Similar to the PCA, the SOM algorithm uses multiple numerical object properties, e.g. of a molecule, which together define an object specific n-dimensional vector. The vector may either consist of numerical column values or - as with the PCA - it may be a chemical descriptor. These object describing vectors are called input vectors, because their values are used to train a 2-dimensional grid of equally sized, but independent reference vectors (also called neurons).
The goal of the training is to incrementally optimize the values of the reference vectors such that eventually

  • every input vector has at least one similar counterpart in the set of reference vectors.
  • adjacent reference vectors in the rectangular grid are similar to each other.
The final grid of reference vectors should represent a rectangular area of smoothly changing property space, where every input vector can be assigned to a similar reference vector.

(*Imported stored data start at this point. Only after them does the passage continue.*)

Lemma dvdk_mod4 n : k %| n -> n %/ k = n %[mod 4].
Proof. by move=> /divnK {2}<-; rewrite mulnC mulk_mod4. Qed.

(* The anchors 3 and 2 of the two initial runs are virtual: they only fix the phase,
   SG being 0 at n = 1 and at n = 0. *)
Inductive predicted_sg : nat -> nat -> Prop :=
| pred_chain i m : predicted_sg (chain i m) 2
| pred_2k : predicted_sg (2 * k) 2
| pred_odd_init n : odd n -> n < k -> predicted_sg n (run_sg 3 n)
| pred_even_init n : ~~ odd n -> n < 2 * k -> predicted_sg n (run_sg 2 n)
| pred_even_2k n : ~~ odd n -> 2 * k < n < 4 * k -> predicted_sg n (run_sg (2 * k) n)
| pred_run i m n : odd n = i -> chain i m < n < chain i m.+1 ->
    predicted_sg n (run_sg (chain i m) n).

Definition predicted_below (N : nat) : Prop :=
  forall n v, n < N -> predicted_sg n v -> sg n = v.

Lemma sg_a0 : predicted_below k -> sg k = 2.
Proof.
move=> IH; rewrite sg_dvd // divnn k_gt0 sg1 (IH (k - 2) (run_sg 3 (k - 2))).
- by rewrite run_sg_eq1 //; lia.
- lia.
- by apply: pred_odd_init; lia.
Qed.

Lemma sg_2k : predicted_below (2 * k) -> sg (2 * k) = 2.
Proof.
move=> IH; rewrite sg_dvd ?dvdn_mull ?(mulnK _ k_gt0) //; last lia.
rewrite (IH 2 (run_sg 2 2)) ?(IH (2 * k - 2) (run_sg 2 (2 * k - 2))).
- by rewrite run_sg_eq0 //; lia.
- lia.
- by apply: pred_even_init; lia.
- lia.
- by apply: pred_even_init => //; lia.
Qed.

Lemma sg_c0 : predicted_below (4 * k) -> sg (4 * k) = 2.
Proof.
move=> IH; rewrite sg_dvd ?dvdn_mull ?(mulnK _ k_gt0) //; last lia.
rewrite (IH 4 (run_sg 2 4)) ?(IH (4 * k - 2) (run_sg (2 * k) (4 * k - 2))).
- by rewrite run_sg_eq1 //; lia.
- lia.
- by apply: pred_even_2k; lia.
- lia.
- by apply: pred_even_init => //; lia.
Qed.

Lemma sg_chainS i m : predicted_below (chain i m.+1) -> sg (chain i m.+1) = 2.
Proof.
move=> IH; have gap := chainS_gt i m; have cmod := chainS_mod4 i m.
rewrite sg_dvd ?dvdn_chain ?chainSK //; last lia.
rewrite (IH (chain i m + 2) (run_sg (chain i m) (chain i m + 2))).
rewrite (IH (chain i m.+1 - 2) (run_sg (chain i m) (chain i m.+1 - 2))).
- by rewrite run_sg_eq1 ?run_sg_eq0 //; lia.
- lia.
- by apply: pred_run; have := odd_chain i m.+1; lia.
- lia.
- by apply: pred_run; have := odd_chain i m; lia.
Qed.

Lemma sg_odd_init N : predicted_below N -> odd N -> N < k -> sg N = run_sg 3 N.
Proof.
move=> IH oddN ltNk; case: (ltnP N 2) => [|N_gt1].
  by case: N oddN {IH ltNk} => [|[|]] // _ _; rewrite sg1.
rewrite sg_nondvd ?gtnNdvd ?(ltnW N_gt1) // (IH (N - 2) (run_sg 3 (N - 2))).
- exact: run_sg_prev.
- lia.
- by apply: pred_odd_init; lia.
Qed.

Lemma sg_even_init N : predicted_below N -> ~~ odd N -> N < 2 * k -> sg N = run_sg 2 N.
Proof.
move=> IH evenN ltN2k; case: (ltnP N 2) => [|N_gt1].
  by case: N evenN {IH ltN2k} => [|[|]] // _ _; rewrite sg0.
have kNN : ~~ (k %| N).
  apply/negP => kN; have /andP[q_gt0 q_lt2] := dvdk_bounds _ 0 2 kN (ltac:(lia)).
  by move: evenN; rewrite -odd_dvdk // (_ : N %/ k = 1) //; lia.
rewrite sg_nondvd // (IH (N - 2) (run_sg 2 (N - 2))).
- by apply: run_sg_prev; rewrite ?(negbTE evenN).
- lia.
- by apply: pred_even_init; lia.
Qed.

Lemma sg_even_2k N : predicted_below N -> ~~ odd N -> 2 * k < N < 4 * k ->
  sg N = run_sg (2 * k) N.
Proof.
move=> IH evenN /andP[lo hi].
have kNN : ~~ (k %| N).
  apply/negP => kN; have /andP[q_gt2 q_lt4] := dvdk_bounds _ 2 4 kN (ltac:(lia)).
  by move: evenN; rewrite -odd_dvdk // (_ : N %/ k = 3) //; lia.
have prev : sg (N - 2) = if N - 2 == 2 * k then 2 else run_sg (2 * k) (N - 2).
  case: eqP => [-> | ne]; first by apply: IH; [lia | exact: pred_2k].
  by apply: IH; [lia | apply: pred_even_2k; lia].
by rewrite sg_nondvd ?prev ?mex_run_prev //; lia.
Qed.

Lemma sg_neq_run_a0 N j : predicted_below N -> j < N -> odd j -> 1 < j < k + 2 ->
  sg j != run_sg k j.
Proof.
move=> IH ltjN oddj /andP[j_gt1 ltjk2]; case: (ltnP j k) => [ltjk | gejk].
  rewrite (IH j (run_sg 3 j)) //; last exact: pred_odd_init.
  by apply: run_sg_shift; lia.
have -> : j = k by lia.
by rewrite (IH k 2) ?run_sg_neq2 //; [lia | exact: (pred_chain true 0)].
Qed.

Lemma sg_neq_run_c0 N j : predicted_below N -> j < N -> ~~ odd j -> 4 < j < 4 * k + 2 ->
  sg j != run_sg (4 * k) j.
Proof.
move=> IH ltjN evenj /andP[j_gt4 ltj4k].
have [ltj2k | gtj2k | j2k] := ltngtP j (2 * k).
- rewrite (IH j (run_sg 2 j)) //; last exact: pred_even_init.
  by apply: run_sg_shift; lia.
- have [ltj4k' | gtj4k | j4k] := ltngtP j (4 * k); last 1 first.
  + by rewrite j4k (IH _ 2) ?run_sg_neq2 //; [lia | exact: (pred_chain false 0)].
  + rewrite (IH j (run_sg (2 * k) j)) //; last by apply: pred_even_2k; lia.
    by apply: run_sg_shift; lia.
  + lia.
- by rewrite j2k (IH _ 2) ?run_sg_neq2 //; [lia | exact: pred_2k].
Qed.

Lemma sg_neq_run_chainS N i m j : predicted_below N -> j < N -> odd j = i ->
  chain i m + 2 < j < chain i m.+1 + 2 -> sg j != run_sg (chain i m.+1) j.
Proof.
move=> IH ltjN parj /andP[lo hi].
have par := odd_chain i m; have par' := odd_chain i m.+1; have cmod := chainS_mod4 i m.
have [jc | ne] := eqVneq j (chain i m.+1).
  by rewrite jc (IH _ 2) ?run_sg_neq2 //; [lia | exact: pred_chain].
rewrite (IH j (run_sg (chain i m) j)) //; last by apply: pred_run; lia.
by apply: run_sg_shift; lia.
Qed.

Lemma sg_neq_run_chain N i m j : predicted_below N -> j < N -> odd j = i ->
  chain i m %/ k < j < chain i m + 2 -> sg j != run_sg (chain i m) j.
Proof.
case: m => [|m] IH ltjN parj; first case: i parj => /= parj.
- by rewrite divnn k_gt0; exact: sg_neq_run_a0 _ _ IH ltjN parj.
- by rewrite (mulnK _ k_gt0); exact: sg_neq_run_c0 _ _ IH ltjN (negbT parj).
- by rewrite chainSK; exact: sg_neq_run_chainS _ _ _ _ IH ltjN parj.
Qed.

Lemma sg_run N i m : predicted_below N -> odd N = i -> chain i m < N < chain i m.+1 ->
  sg N = run_sg (chain i m) N.
Proof.
move=> IH parN /andP[lo hi]; have par := odd_chain i m; have N_gt1 : 1 < N by lia.
have prev : mex [:: sg (N - 2)] = run_sg (chain i m) N.
  rewrite -mex_run_prev; try lia; congr mex; congr [:: _].
  case: eqP => [-> | ne]; first by apply: IH; [lia | exact: pred_chain].
  by apply: IH; [lia | apply: pred_run; lia].
have [kN | kNN] := boolP (k %| N); last by rewrite sg_nondvd.
rewrite sg_dvd // mex2_id prev //.
have /andP[lo' hi'] : chain i m %/ k < N %/ k < chain i m + 2.
  by apply: dvdk_bounds kN _; rewrite divnK ?dvdn_chain // mulnC -chainS lo hi.
rewrite (run_sg_congr _ _ _ (esym (dvdk_mod4 _ kN))).
by apply: (sg_neq_run_chain N); rewrite ?odd_dvdk ?ltn_Pdiv ?k_gt1 ?lo' //; lia.
Qed.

Cannabinoid receptor antagonists on a SOM with 50x50 neurons

The Cannabinoid receptor antagonists, which have been used in the PCA example, were arranged on a SOM considering the SkeletonShperes descriptor as similarity criterion. The background colors of the view visualize neighborhood similarity of adjacent neurons in landscape inspired colors. Blue to green colors indicate valleys of similar neurons, while yellow to orange areas show ridges of more abrupt changes of the chemical space between adjacent neurons. Colored markers are located above the background landscape on top of those neurons, which represent the compound descriptors best. This way very similar compounds huddle in same valleys, while slightly different cluster are separated by yellow ridges.
Please note that DataWarrior uses sub-neuron-resolution to position object on the final SOM. After assigning an object to the closest reference vector, any object's position is fine-tuned by the object's similarity to the adjacent neurons.

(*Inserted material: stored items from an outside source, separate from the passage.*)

(* At most one letter of v precedes the last c and at most one c follows the
   first letter of v, so the inserted copies of c never complete a pattern. *)
Lemma insert_max_no_max_pattern (k : nat) (v : seq nat) (a : nat) :
  k <= 1 -> c \notin v -> a != c ->
  ~~ subseq [:: a; a; c] (insert_max m c k v) /\
  ~~ subseq [:: a; c; c] (insert_max m c k v).
Proof.
move=> k_le1 cv ac; rewrite /insert_max !subseq_skip_nseq //.
have no_c s p : c \notin s -> c \in p -> ~~ subseq p s.
  by move=> cs cp; apply: contra cs => /mem_subseq; apply.
case: k k_le1 => [|[|//]] _.
  rewrite take0 drop0 /= (negbTE ac).
  by split; apply: no_c cv _; rewrite !inE eqxx ?orbT.
case: v cv => [|y r] cv; first by rewrite /= (negbTE ac).
rewrite [take 1 _]/= [drop 1 _]/= take0 drop0.
have cr : c \notin r by apply: contra cv; rewrite inE => ->; rewrite orbT.
case: (eqVneq a y) => [<-|ay]; rewrite /= ?eqxx ?(negbTE ay) /= (negbTE ac);
  by split; apply: no_c cr _; rewrite !inE eqxx ?orbT.
Qed.

Lemma avoids_insert_max (k : nat) (v : seq nat) :
  k <= 1 -> all (fun x => x < c) v -> avoids112_122 v ->
  avoids112_122 (insert_max m c k v).
Proof.
move=> k_le1 /allP v_lt av a b ab.
have cv : c \notin v by apply/negP => /v_lt; rewrite ltnn.
set w := insert_max m c k v.
have w_le x : x \in w -> x <= c.
  move=> xw; case: (eqVneq x c) => [->//|xc]; apply/ltnW/v_lt.
  by rewrite -(filter_insert_max k cv) mem_filter /= xc xw.
suff no_pat x : (x == a) || (x == b) -> ~~ subseq [:: a; x; b] w.
  by split; apply: no_pat; rewrite eqxx ?orbT.
move=> xab; apply/negP => pw.
have ac : a < c by have := w_le b (mem_subseq pw _); rewrite !inE eqxx orbT; lia.
case: (eqVneq b c) => [bc|bc].
  subst b; have [] := insert_max_no_max_pattern k_le1 cv (negbT (ltn_eqF ac)).
  by case/orP: xab pw => /eqP-> ->.
have [] := av a b ab.
have pv : subseq [:: a; x; b] v.
  rewrite -(filter_insert_max k cv) subseq_filter pw andbT /= bc.
  by case/orP: xab => /eqP->; rewrite ?bc (negbT (ltn_eqF ac)).
by case/orP: xab pv => /eqP-> ->.
Qed.

(* Different choices of k <= 1 and of v (nonempty, without c) give different
   words, because v is recovered by erasing c and k is read off at position
   m-1. *)
Lemma insert_max_inj (k1 k2 : nat) (v1 v2 : seq nat) :
  k1 <= 1 -> k2 <= 1 -> c \notin v1 -> c \notin v2 -> 0 < size v1 ->
  insert_max m c k1 v1 = insert_max m c k2 v2 -> (k1, v1) = (k2, v2).
Proof.
move=> k1_le1 k2_le1 cv1 cv2 v1_gt0 e.
have ev : v1 = v2 by rewrite -(filter_insert_max k1 cv1) e filter_insert_max.
subst v2; clear cv2; congr pair; case: v1 v1_gt0 cv1 e => [//|y r] _ cv.
have yc : y != c by apply: contra cv => /eqP->; rewrite mem_head.
move/(congr1 (nth 0 ^~ m.-1)); rewrite /insert_max !nth_cat size_nseq ltnn subnn.
case: k1 k2 k1_le1 k2_le1 => [|[|//]] [|[|//]] //= _ _ eyc;
  by rewrite eyc eqxx in yc.
Qed.

End InsertMax.

Lemma filter_notin (c : nat) (s : seq nat) :
  c \notin s -> filter (predC1 c) s = s.
Proof. by move=> cs; apply/all_filterP/allP => x xs /=; apply: contraNneq cs => <-. Qed.

Lemma split_nseq_prefix (c : nat) (s : seq nat) : has (predC1 c) s ->
  exists j y r, s = nseq j c ++ y :: r /\ y != c.
Proof.
elim: s => //= x s IH; case: (eqVneq x c) => [-> /= /IH [j [y [r [-> yc]]]]|xc _].
  by exists j.+1, y, r.
by exists 0, x, s.
Qed.

(* If the two letters following the c-prefix are both different from c, no c
   can follow them: otherwise y z z, z y y or y y c occurs, since y and z each
   occur m >= 3 times. *)
Lemma no_max_after_two_others (m c y z : nat) (r : seq nat) :
  2 < m -> y < c -> c \in r -> avoids112_122 [:: y, z & r] ->
  count_mem y [:: y, z & r] = m -> count_mem z [:: y, z & r] = m -> False.
Proof.
move=> m_gt2 yc cr av; rewrite /= eqxx.
case: (ltngtP y z) => [yz|zy|eyz].
- move=> _ cz; have [_ /negP] := av y z yz; apply.
  by rewrite /= !eqxx /= sub1seq -has_pred1 has_count /=; lia.
- move=> cy _; have [_ /negP] := av z y zy; apply.
  by rewrite /= (ltn_eqF zy) eqxx; apply: two_copies_subseq => /=; lia.
- subst z; have [/negP] := av y c yc.
  by rewrite /= !eqxx /= sub1seq cr.
Qed.

Lemma avoider_insert_max (n m : nat) (w : seq nat) :
  2 < m -> is_multiperm n.+2 m w -> avoids112_122 w ->
  exists2 k, k <= 1 & w = insert_max m n.+2 k (filter (predC1 n.+2) w).
Proof.
set c := n.+2; move=> m_gt2 /is_multipermP[sz letters counts] av.
have /split_nseq_prefix[j [y [r [ew yc]]]] : has (predC1 c) w.
  apply/hasP; exists 1 => //.
  by rewrite -has_pred1 has_count counts /=; lia.
have y_lt : y < c.
  by have := letters y; rewrite ew mem_cat mem_head orbT => /(_ isT); lia.
have count_c : j + count_mem c r = m.
  rewrite -(counts c); last by lia.
  by rewrite ew count_cat count_nseq /= eqxx (negbTE yc) mul1n.
have filter_w : filter (predC1 c) w = y :: filter (predC1 c) r.
  by rewrite ew filter_cat filter_nseq /= eqxx /= yc.
have [no_c|one_c] : count_mem c r = 0 \/ count_mem c r = 1.
  suff : count_mem c r <= 1 by lia.
  rewrite leqNgt; apply/negP => /two_copies_subseq ccr.
  have [_ /negP] := av y c y_lt; apply; rewrite ew.
  by apply: subseq_trans (suffix_subseq _ _); rewrite /= eqxx.
  exists 0 => //; rewrite filter_w filter_notin; last exact/count_memPn.
  rewrite ew /insert_max take0 drop0 (_ : j = m.-1.+1) /=; last by lia.
  by elim: (m.-1) => [|i IH] //=; rewrite IH.
case: r => [|z r] in ew count_c filter_w one_c *; first by [].
have c_or_r : (z == c) + count_mem c r = 1 by move: one_c => /=; rewrite eq_sym.
case: (eqVneq z c) => [ezc|zc] in c_or_r *.
  exists 1 => //; rewrite filter_w /= ezc eqxx /= filter_notin; last first.
    by apply/count_memPn; move: c_or_r => /=; lia.
  by rewrite ew ezc /insert_max /= take0 drop0 (_ : j = m.-1) //; lia.
have count_suffix x : x \in [:: y, z & r] -> x != c ->
    count_mem x [:: y, z & r] = m.
  move=> xs xc; rewrite -(counts x); last by apply: letters; rewrite ew mem_cat xs orbT.
  by rewrite ew count_cat count_nseq /= (eq_sym c x) (negbTE xc).
exfalso; apply: (no_max_after_two_others m_gt2 y_lt _ _
  (count_suffix y (mem_head _ _) yc) (count_suffix z _ zc)).
- by rewrite -has_pred1 has_count; lia.
- by apply: avoids_subseq av; rewrite ew suffix_subseq.
- by rewrite !inE eqxx orbT.
Qed.

Fixpoint avoiders (m n : nat) : seq (seq nat) :=
  match n with
  | 0 => [::]
  | 1 => [:: nseq m 1]
  | n'.+1 => [seq insert_max m n k v | k <- iota 0 2, v <- avoiders m n']
  end.

Lemma avoidersS (m n : nat) :
  avoiders m n.+2 = [seq insert_max m n.+2 k v | k <- iota 0 2, v <- avoiders m n.+1].
Proof. by []. Qed.

Lemma size_avoiders (m n : nat) : size (avoiders m n.+1) = 2 ^ n.
Proof. by elim: n => // n IH; rewrite avoidersS size_allpairs IH expnS. Qed.

Lemma multiperm_lt (n m : nat) (v : seq nat) :
  is_multiperm n m v -> all (fun x => x < n.+1) v.
Proof. by move=> /is_multipermP[_ letters _]; apply/allP => x /letters; lia. Qed.

Lemma avoidersP (m n : nat) (w : seq nat) : 2 < m ->
  w \in avoiders m n.+1 <-> is_multiperm n.+1 m w /\ avoids112_122 w.
Proof.
move=> m_gt2; elim: n w => [|n IH] w.
  rewrite inE; split=> [/eqP ->|[/is_multipermP[sz letters _] _]].
    split; last exact: avoids_nseq.
    apply/is_multipermP; split=> [|x|i i1]; rewrite ?size_nseq ?mul1n //.
      by rewrite mem_nseq => /andP[_ /eqP ->].
    by rewrite count_nseq /= (_ : i = 1) ?eqxx ?mul1n //; lia.
  apply/eqP; move: sz; rewrite mul1n => <-; apply/all_pred1P/allP => x /letters /=; lia.
rewrite avoidersS is_multiperm_max; split.
  case/allpairsP => -[k v] [k_in /IH[mpv avv] ->].
  have k_le1 : k <= 1 by move: k_in; rewrite mem_iota /=; lia.
  have /allP v_lt := multiperm_lt mpv.
  have cv : n.+2 \notin v by apply/negP => /v_lt; rewrite ltnn.
  rewrite count_insert_max ?filter_insert_max //; last by lia.
  by split=> //; apply: avoids_insert_max => //; apply/allP.
move=> [[cmax mpv] avw]; apply/allpairsP.
have mpw : is_multiperm n.+2 m w by apply/is_multiperm_max.
have [k k_le1 ew] := avoider_insert_max m_gt2 mpw avw.
exists (k, filter (predC1 n.+2) w); split=> //; first by rewrite mem_iota /=; lia.
by apply/IH; split=> //; apply: avoids_subseq avw; apply: filter_subseq.
Qed.

Lemma uniq_avoiders (m n : nat) : 2 < m -> uniq (avoiders m n.+1).
Proof.
move=> m_gt2; elim: n => // n IH; rewrite avoidersS; apply: allpairs_uniq => //.
have prev v : v \in avoiders m n.+1 -> n.+2 \notin v /\ 0 < size v.
  case/(avoidersP _ _ m_gt2) => /is_multipermP[sz letters _] _.
  by rewrite sz; split; [apply/negP => /letters | ]; lia.
move=> p1 p2 /allpairsP[[k1 v1] [k1_in /prev[cv1 v1_gt0] ->]].
move=> /allpairsP[[k2 v2] [k2_in /prev[cv2 _] ->]].
by apply: insert_max_inj cv1 cv2 v1_gt0; move: k1_in k2_in; rewrite !mem_iota /=; lia.
Qed.

Theorem theorem1 (m n : nat) (hm : 3 <= m) (hn : 1 <= n) :
  s_nm n m [:: [:: 1; 1; 2]; [:: 1; 2; 2]] = 2 ^ (n - 1).
Proof.
case: n hn => [//|n] _; rewrite subn1 /= -(size_avoiders m n) /s_nm.
apply/perm_size/uniq_perm; [by rewrite filter_uniq ?uniq_words | exact: uniq_avoiders |].
move=> w; rewrite mem_filter mem_words; apply/idP/idP.
  by move=> /andP[/andP[mpw /avoids112_122P avw] _]; apply/(avoidersP _ _ hm).
move=> /(avoidersP _ _ hm)[mpw /avoids112_122P avw].
have /is_multipermP[sz letters _] := mpw.
by rewrite mpw avw sz eqxx; apply/allP.
Qed.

Comparing the SOM to the PCA concerning their ability to visualize chemical space, SOMs have these advantages: SOMs use all available space, while PCAs leave parts of the available area or space empty. The SOM takes and translates exact similarity values, while the PCA uses two or three principal components only to separate objects and, therefore, may miss some distinction criteria. High compound similarity is translated well into close topological neighborhood on the SOM. However, vicinity on the SOM does not necessarily imply object similarity, because close neurons may be separated by ridges and represent different areas of the chemical space, especially if the number of reference vectors is low. One may also check how well individual objects match the reference vectors they are assigned to. For this purpose DataWarrior calculates for every row a SOM_Fit value, which is the square root of the dissimilarity between the row's input vector and the reference vector the row is assigned to. As a rule of thumb, SOM_Fit values below 0.5 are a good indication of a well separating SOM.

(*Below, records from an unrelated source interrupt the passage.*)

(* A group $H$ belongs to the class $\mathscr{R}$ if and only if $H$ is isomorphic to a subgroup of $G_n$ for some integer $n\geq 0$.
   Context: For a group $A$, $A\wr\mathbf{Z}=(\bigoplus_{i\in\mathbf{Z}}A)\rtimes\mathbf{Z}$ is the restricted wreath product with $\mathbf{Z}$ acting by index shift. A bounded direct sum is a countable direct sum of groups with a uniform upper bound on their derived lengths. $\mathscr{R}$ is the smallest non-empty class of groups closed under $A\mapsto A\wr\mathbf{Z}$, bounded direct sums, and taking subgroups. Define $G_0$ to be the trivial group and, for $n\geq 1$, $G_n=\bigoplus_{i\in\mathbf{Z}}(G_{n-1}\wr\mathbf{Z})$. *)

From Stdlib Require Import ZArith List Lia Classical FunctionalExtensionality ProofIrrelevance.
Set Implicit Arguments.

Record Group : Type := MkGroup {
  gcar :> Type;
  gmul : gcar -> gcar -> gcar;
  ginv : gcar -> gcar;
  gone : gcar;
  gmulA : forall x y z, gmul x (gmul y z) = gmul (gmul x y) z;
  gmul1 : forall x, gmul gone x = x;
  gmulg1 : forall x, gmul x gone = x;
  gmulV : forall x, gmul (ginv x) x = gone;
  gmulgV : forall x, gmul x (ginv x) = gone }.
Arguments gmul {g}.
Arguments ginv {g}.

Lemma ginv1 (G : Group) : ginv (gone G) = gone G.
Proof. rewrite <- (gmul1 G (ginv (gone G))). apply gmulgV. Qed.

(** Homomorphisms; "H is isomorphic to a subgroup of G" = H embeds in G. *)
Definition is_hom {G H : Group} (f : G -> H) : Prop :=
  forall x y, f (gmul x y) = gmul (f x) (f y).
Definition embeds (H G : Group) : Prop :=
  exists f : H -> G, is_hom f /\ (forall x y, f x = f y -> x = y).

The SOM algorithm is a rather simple and straightforward one. First the input vectors are determined and normalized to avoid distortions of different numerical scales. The number of values stored in each input vector equals the number of numerical columns selected or the number of dimensions of the chosen descriptor. Then a grid of n*n reference vectors is initialized with random numbers. The reference vectors have the same dimensionality as the input vectors.
Then a couple of thousand times the following procedure is repeated: In input vector is selected randomly. That reference vector is located, which is most similar to the input vector. This reference vector and the reference vectors in its circular neighborhood are modified to make them a little more similar to the selected input vector. The amount of the modification decreases with increasing distance from the central reference vector and it decreases with the number of modification rounds already done. This way a coarse grid structure is formed quickly, while the more local manifestation of fine-granular details takes the majority of the optimization cycles.

To create a SOM from any data set in DataWarrior select Create... from the Self Organizing Map submenu of the Data menu. The following dialog appears:

Parameters used: The columns selected here define the similarity criterion between objects or table rows. All values are normalized by the variance of the column. The normalized row values of all selected columns form the vector, which is used to calculate an euclidian similarity to other row's vectors. If a chemical descriptor is selected here, the SOM uses respective chemical similarities and, thus, can be used to visualize chemical space.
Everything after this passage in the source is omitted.